Description of the task -> Exactly the lines starting at the line containing "- by apply: Pprime; apply: leq_trans kn." and ending at the line containing "case: chainP => _ _ _ Pstrict." are to be written out from the listing below, both included.

Records to use ->
(* Let $T$ be a caterpillar tree such that every cutpoint of $T$ has degree at least three. Then $\dim R/I(L(T))=s$, where $s$ is the number of cutpoints of $T$, equivalently the number of maximal cliques of $L(T)$.
   Context: A caterpillar tree is a tree in which removing all vertices of degree $1$ leaves a chordless path. A cutpoint is a vertex whose removal disconnects the graph. The line graph $L(T)$ has vertex set $E(T)$, two vertices adjacent iff the corresponding edges share a vertex. $R=\Bbbk[e_{uv}:\{u,v\}\in E(T)]$ for a field $\Bbbk$, $I(L(T))=\langle e_fe_g: f\neq g\in E(T),\ f\cap g\neq\emptyset\rangle$, and $\dim$ is Krull dimension. *)

From HB Require Import structures.
From mathcomp Require Import all_boot all_order all_algebra.
From mathcomp Require Import mpoly.
Set Implicit Arguments. Unset Strict Implicit. Unset Printing Implicit Defensive.
Import GRing.Theory.
Local Open Scope ring_scope.

Definition simple_graph (V : finType) (e : rel V) : Prop :=
  ssrbool.symmetric e /\ ssrbool.irreflexive e.

Definition acyclic (V : finType) (e : rel V) : Prop :=
  forall c : seq V, uniq c -> (2 < size c)%N -> ~~ cycle e c.

Definition is_tree (V : finType) (e : rel V) : Prop :=
  simple_graph e /\ (forall x y, connect e x y) /\ acyclic e.

Definition degree (V : finType) (e : rel V) (x : V) : nat := #|[set y | e x y]|.

Definition rel_avoid (V : finType) (e : rel V) (A : {set V}) : rel V :=
  fun a b => [&& e a b, a \notin A & b \notin A].

Definition cutpoint (V : finType) (e : rel V) (x : V) : bool :=
  [exists y, exists z, [&& y != x, z != x & ~~ connect (rel_avoid e [set x]) y z]].

Definition cutpoints (V : finType) (e : rel V) : {set V} := [set x | cutpoint e x].

Definition induced_chordless_path (V : finType) (e : rel V) (S : {set V}) : Prop :=
  exists (v : V) (p : seq V),
    [/\ uniq (v :: p), (forall x, (x \in v :: p) = (x \in S)) &
    forall i j, (i < size (v :: p))%N -> (j < size (v :: p))%N ->
      e (nth v (v :: p) i) (nth v (v :: p) j) = ((i.+1 == j) || (j.+1 == i))].

Definition caterpillar (V : finType) (e : rel V) : Prop :=
  is_tree e /\ induced_chordless_path e [set x | degree e x != 1%N].

Definition edges (V : finType) (e : rel V) : {set {set V}} :=
  [set u : {set V} | [exists x, exists y, e x y && (u == [set x; y])]].

(* variable e_f for the edge f = enum_val i, i : 'I_#|edges e| *)
Definition edge_of (V : finType) (e : rel V) (i : 'I_#|edges e|) : {set V} :=
  enum_val i.

Definition is_ideal (A : comNzRingType) (P : A -> Prop) : Prop :=
  [/\ P 0, (forall p q, P p -> P q -> P (p + q)) & (forall a p, P p -> P (a * p))].

Definition is_prime_ideal (A : comNzRingType) (P : A -> Prop) : Prop :=
  [/\ is_ideal P, ~ P 1 & (forall p q, P (p * q) -> P p \/ P q)].

Definition ideal_gen (A : comNzRingType) (G : A -> Prop) : A -> Prop :=
  fun p => forall J : A -> Prop, is_ideal J -> (forall g, G g -> J g) -> J p.

Definition line_graph_gens (F : fieldType) (V : finType) (e : rel V)
  : {mpoly F[#|edges e|]} -> Prop :=
  fun p => exists i j : 'I_#|edges e|,
    [/\ i != j, edge_of i :&: edge_of j != set0 & p = 'X_i * 'X_j].

Definition edge_ideal_line_graph (F : fieldType) (V : finType) (e : rel V)
  : {mpoly F[#|edges e|]} -> Prop := ideal_gen (@line_graph_gens F V e).

(* a chain P_0 < P_1 < ... < P_n of prime ideals of A containing I, of length n;
   these correspond exactly to chains of primes of A/I *)
Definition prime_chain_over (A : comNzRingType) (I : A -> Prop)
    (n : nat) (P : nat -> A -> Prop) : Prop :=
  [/\ (forall k, (k <= n)%N -> is_prime_ideal (P k)),
      (forall k, (k <= n)%N -> forall a, I a -> P k a),
      (forall k, (k < n)%N -> forall a, P k a -> P k.+1 a) &
      (forall k, (k < n)%N -> exists2 a, P k.+1 a & ~ P k a)].

Definition quot_krull_dim_eq (A : comNzRingType) (I : A -> Prop) (d : nat) : Prop :=
  (exists P, prime_chain_over I d P) /\
  (forall n P, prime_chain_over I n P -> (n <= d)%N).

Arguments edge_ideal_line_graph F [V] e.

(* A prime P containing I(L(T)) cannot omit two variables of adjacent edges,
   so the variables it omits index a matching U of T. Modulo P the ring is a
   polynomial ring in the variables of U, and there a chain of primes has
   length at most #|U|: witnesses of the strict inclusions of a prime chain
   are algebraically independent, while any #|U| + 1 polynomials in #|U|
   variables satisfy a polynomial relation (there are too many monomials of
   bounded degree in them). Conversely, killing the variables outside a
   matching M and then those of M one at a time gives a chain of length #|M|.
   So dim R/I(L(T)) is the matching number of T. In a caterpillar every edge
   has an end that is a cutpoint, so a matching has at most s edges; when every
   cutpoint has degree at least 3 it has a pendant leaf, and these s pendant
   edges form a matching. *)

From HB Require Import structures.
From mathcomp Require Import all_boot all_order all_algebra.
From mathcomp Require Import mpoly zify.
From Stdlib Require Import ClassicalEpsilon.

Set Implicit Arguments. Unset Strict Implicit. Unset Printing Implicit Defensive.
Import GRing.Theory.
Local Open Scope ring_scope.

Section Ideals.
Variable R : comNzRingType.
Implicit Types (P : R -> Prop) (x y : R).

Lemma is_idealN P x : is_ideal P -> P x -> P (- x).
Proof. by case=> _ _ PM Px; rewrite -mulN1r; apply: PM. Qed.

Lemma is_idealD P x y : is_ideal P -> P x -> P y -> P (x + y).
Proof. by case=> _ PD _; apply: PD. Qed.

Lemma is_idealB P x y : is_ideal P -> P x -> P y -> P (x - y).
Proof. by move=> idP Px Py; apply: is_idealD (is_idealN _ _) => //. Qed.

Lemma is_idealMl P x y : is_ideal P -> P y -> P (x * y).
Proof. by case=> _ _ PM; apply: PM. Qed.

Lemma is_idealMr P x y : is_ideal P -> P x -> P (x * y).
Proof. by move=> idP Px; rewrite mulrC; apply: is_idealMl. Qed.

Lemma is_ideal_sum P (I : Type) (r : seq I) (Q : pred I) (f : I -> R) :
  is_ideal P -> (forall i, Q i -> P (f i)) -> P (\sum_(i <- r | Q i) f i).
Proof. by case=> P0 PD _ Pf; elim/big_ind: _. Qed.

Lemma is_prime_idealX P x n : is_prime_ideal P -> P (x ^+ n) -> P x.
Proof.
case=> _ P1 Pprime; elim: n => [|n IHn]; first by rewrite expr0.
by rewrite exprS => /Pprime [].
Qed.

Lemma prime_ideal_notin_invertible P x y : is_prime_ideal P -> y * x = 1 -> ~ P x.
Proof. by case=> idP P1 _ yx1 Px; apply: P1; rewrite -yx1; apply: is_idealMl. Qed.

End Ideals.

Section PrimeChains.
Variables (R : comNzRingType) (I : R -> Prop) (n : nat) (P : nat -> R -> Prop).
Hypothesis chainP : prime_chain_over I n P.

Lemma prime_chain_prime k : (k <= n)%N -> is_prime_ideal (P k).
Proof. by case: chainP => Pprime _ _ _; apply: Pprime. Qed.

Lemma prime_chain_mono j k a : (j <= k <= n)%N -> P j a -> P k a.
Proof.
case/andP=> + kn; elim: k kn => [|k IHk] kn; first by rewrite leqn0 => /eqP ->.
rewrite leq_eqVlt ltnS => /orP [/eqP -> //| jk] Pja.
by case: chainP => _ _ Pinc _; apply: Pinc => //; apply: IHk => //; apply: ltnW.
Qed.

Lemma prime_chain_take k : (k <= n)%N -> prime_chain_over I k P.
Proof.
case: chainP => Pprime PI Pinc Pstrict kn; split=> j jk.
- by apply: Pprime; apply: leq_trans kn.
- by apply: PI; apply: leq_trans kn.
- by apply: Pinc; apply: leq_trans kn.
- by apply: Pstrict; apply: leq_trans kn.
Qed.

Lemma prime_chain_witnesses :
  exists xs : seq R, size xs = n /\
    forall j, (j < n)%N -> P j.+1 xs`_j /\ ~ P j xs`_j.
Proof.
case: chainP => _ _ _ Pstrict.
suff [xs [sz_xs xsP]] : exists xs : seq R, size xs = n /\
    forall j, (j < size xs)%N -> P j.+1 xs`_j /\ ~ P j xs`_j.
  by exists xs; rewrite -sz_xs.
elim: n Pstrict => [|k IHk] Pstrict; first by exists [::].
have [|xs [sz_xs xsP]] := IHk; first by move=> j jk; apply: Pstrict; apply: ltnW.
have [x Px nPx] := Pstrict k (ltnSn k).
exists (rcons xs x); rewrite size_rcons sz_xs; split=> // j; rewrite ltnS.
rewrite nth_rcons sz_xs leq_eqVlt => /orP [/eqP ->|jk]; first by rewrite ltnn eqxx.
by rewrite jk; apply: xsP; rewrite sz_xs.
Qed.

End PrimeChains.

Lemma prime_chain_behead (R : comNzRingType) (I : R -> Prop) k P :
  prime_chain_over I k.+1 P -> prime_chain_over I k (fun j => P j.+1).
Proof.
by case=> Pprime PI Pinc Pstrict; split=> j jk;
  [apply: Pprime | apply: PI | apply: Pinc | apply: Pstrict].
Qed.

Definition powprod (R : comNzRingType) B (xs : seq R) (mu : seq 'I_B) : R :=
  \prod_(p <- zip xs mu) p.1 ^+ p.2.

Lemma powprod_cons (R : comNzRingType) B x xs (a : 'I_B) mu :
  powprod (x :: xs) (a :: mu) = x ^+ a * powprod xs mu :> R.
Proof. by rewrite /powprod /= big_cons. Qed.

Lemma powprod_nil (R : comNzRingType) B (xs : seq R) (mu : seq 'I_B) :
  (xs == [::]) || (mu == [::]) -> powprod xs mu = 1.
Proof. by case: xs mu => [|x xs] [|a mu] //= _; rewrite /powprod big_nil. Qed.

Lemma rmorph_powprod (R S : comNzRingType) (f : {rmorphism R -> S}) B xs (mu : seq 'I_B) :
  f (powprod xs mu) = powprod (map f xs) mu.
Proof.
elim: xs mu => [|x xs IHxs] [|a mu]; try by rewrite !powprod_nil ?rmorph1.
by rewrite map_cons !powprod_cons rmorphM rmorphXn IHxs.
Qed.

Lemma sum_tuple_cons (V : nmodType) k B (f : k.+1.-tuple 'I_B -> V) :
  \sum_mu f mu = \sum_(a : 'I_B) \sum_(nu : k.-tuple 'I_B) f [tuple of a :: nu].
Proof.
rewrite pair_bigA (reindex (fun p : 'I_B * k.-tuple 'I_B => [tuple of p.1 :: p.2])) //=.
exists (fun mu : k.+1.-tuple 'I_B => (thead mu, [tuple of behead mu])).
  by move=> [a nu] _; rewrite theadE; congr pair; apply: val_inj.
by move=> mu _; rewrite -tuple_eta.
Qed.

Lemma sum_tuple0 (V : nmodType) B (f : 0.-tuple 'I_B -> V) : \sum_mu f mu = f [tuple].
Proof. by rewrite (big_pred1 [tuple]) // => mu; rewrite [mu]tuple0 /= eq_refl. Qed.

Section ChainWitnesses.
Variable R : comNzRingType.

Lemma sum_pow_first_nonzero (x : R) B (g : 'I_B -> R) (a0 : 'I_B) :
  (forall a : 'I_B, (a < a0)%N -> g a = 0) ->
  \sum_(a : 'I_B) x ^+ a * g a =
    x ^+ a0 * (g a0 + x * \sum_(a : 'I_B | (a0 < a)%N) x ^+ (a - a0.+1) * g a).
Proof.
move=> g_lt; rewrite (bigD1 a0) //= (bigID (fun a : 'I_B => (a0 < a)%N)) /=.
rewrite [X in _ + (_ + X)]big1 => [|a /andP [neq_a lt_a]]; last first.
  by rewrite g_lt ?mulr0 //; move: neq_a lt_a; rewrite -val_eqE /=; lia.
rewrite addr0 mulrDr mulr_sumr mulr_sumr; congr (_ + _); apply: eq_big => [a|a /andP [_ lt_a]].
  by case: (eqVneq a a0) => [->|]; rewrite ?ltnn ?andbF.
by rewrite !mulrA -exprSr -exprD; congr (x ^+ _ * _); lia.
Qed.

Lemma prime_sum_pow_notin (P Q : R -> Prop) (x : R) B (g : 'I_B -> R) (a0 : 'I_B) :
  is_prime_ideal P -> is_ideal Q -> (forall a, P a -> Q a) -> Q x -> ~ P x ->
  (forall a : 'I_B, (a < a0)%N -> g a = 0) -> ~ Q (g a0) ->
  ~ P (\sum_(a : 'I_B) x ^+ a * g a).
Proof.
move=> Pprime idQ PQ Qx nPx g_lt nQg; rewrite (sum_pow_first_nonzero _ g_lt).
set h := \sum_(a | _) _; case: (Pprime) => _ _ Pmul /Pmul [/(is_prime_idealX Pprime) //|].
move/PQ => Qgxh; apply: nQg; rewrite -(addrK (x * h) (g a0)).
by apply: is_idealB => //; apply: is_idealMr.
Qed.

(* Sort by the exponent of [x_0]: the lowest exponent with a nonzero
   coefficient survives modulo [P 0] because [x_0 \notin P 0], and its
   coefficient is outside [P 1] by induction on the shifted chain. *)
Lemma prime_chain_witnesses_indep k (I : R -> Prop) (P : nat -> R -> Prop)
    (xs : seq R) B (c : k.-tuple 'I_B -> R) :
  prime_chain_over I k P -> size xs = k ->
  (forall j, (j < k)%N -> P j.+1 xs`_j /\ ~ P j xs`_j) ->
  (forall mu, c mu != 0 -> ~ P k (c mu)) -> (exists mu, c mu != 0) ->
  ~ P 0%N (\sum_mu c mu * powprod xs mu).
Proof.
elim: k P xs c => [|k IHk] P xs c chainP sz_xs xsP cP [mu0 cmu0].
  by rewrite sum_tuple0 powprod_nil ?orbT // mulr1; rewrite (tuple0 mu0) in cmu0; apply: cP.
case: xs sz_xs xsP => [|x xs] //= [sz_xs] xsP.
pose g a := \sum_(nu : k.-tuple 'I_B) c [tuple of a :: nu] * powprod xs nu.
have -> : \sum_mu c mu * powprod (x :: xs) mu = \sum_(a : 'I_B) x ^+ a * g a.
  rewrite sum_tuple_cons; apply: eq_bigr => a _; rewrite mulr_sumr.
  by apply: eq_bigr => nu _; rewrite powprod_cons mulrCA.
pose nzhead (a : 'I_B) := [exists nu : k.-tuple 'I_B, c [tuple of a :: nu] != 0].
have nzhead_mu0 : nzhead (thead mu0).
  by apply/existsP; exists [tuple of behead mu0]; rewrite -tuple_eta.
case: (arg_minnP (@nat_of_ord B) nzhead_mu0) => a0 nzhead_a0 a0_min.
have [x_in x_notin] := xsP 0%N isT.
have P0prime := prime_chain_prime chainP (leq0n k.+1).
have [P1ideal _ _] := prime_chain_prime chainP (isT : 1 <= k.+1)%N.
apply: (prime_sum_pow_notin (a0 := a0) P0prime P1ideal _ x_in x_notin).
- by move=> a; apply: (prime_chain_mono chainP).
- move=> a lt_a; rewrite /g big1 // => nu _.
  have /existsPn/(_ nu)/negbNE/eqP -> : ~~ nzhead a.
    by apply/negP => /a0_min; rewrite leqNgt lt_a.
  by rewrite mul0r.
- apply: (IHk (fun j => P j.+1) xs (fun nu => c [tuple of a0 :: nu])) => //.
  + exact: prime_chain_behead.
  + by move=> j jk; apply: (xsP j.+1).
  + by move=> nu; apply: cP.
  + by case/existsP: nzhead_a0 => nu cnu; exists nu.
Qed.

End ChainWitnesses.

Section AlgebraicDependence.
Variables (F : fieldType) (k : nat).

Lemma mnm_le_mdeg (m : 'X_{1..k}) i : (m i <= mdeg m)%N.
Proof. by rewrite mdegE (bigD1 i) //= leq_addr. Qed.

Lemma card_bmultinom_le K : (#|{: 'X_{1..k < K}}| <= K ^ k)%N.
Proof.
have -> : (K ^ k)%N = #|{: {ffun 'I_k -> 'I_K}}| by rewrite card_ffun !card_ord.
pose f (m : 'X_{1..k < K}) :=
  [ffun i => Ordinal (leq_ltn_trans (mnm_le_mdeg m i) (bmdeg m))].
apply: (leq_card f) => m1 m2 /ffunP f12; apply/val_inj/mnmP => i.
by have /(congr1 val) := f12 i; rewrite !ffunE.
Qed.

Output for this exercise ->
- by apply: Pprime; apply: leq_trans kn.
- by apply: PI; apply: leq_trans kn.
- by apply: Pinc; apply: leq_trans kn.
- by apply: Pstrict; apply: leq_trans kn.
Qed.

Lemma prime_chain_witnesses :
  exists xs : seq R, size xs = n /\
    forall j, (j < n)%N -> P j.+1 xs`_j /\ ~ P j xs`_j.
Proof.
case: chainP => _ _ _ Pstrict.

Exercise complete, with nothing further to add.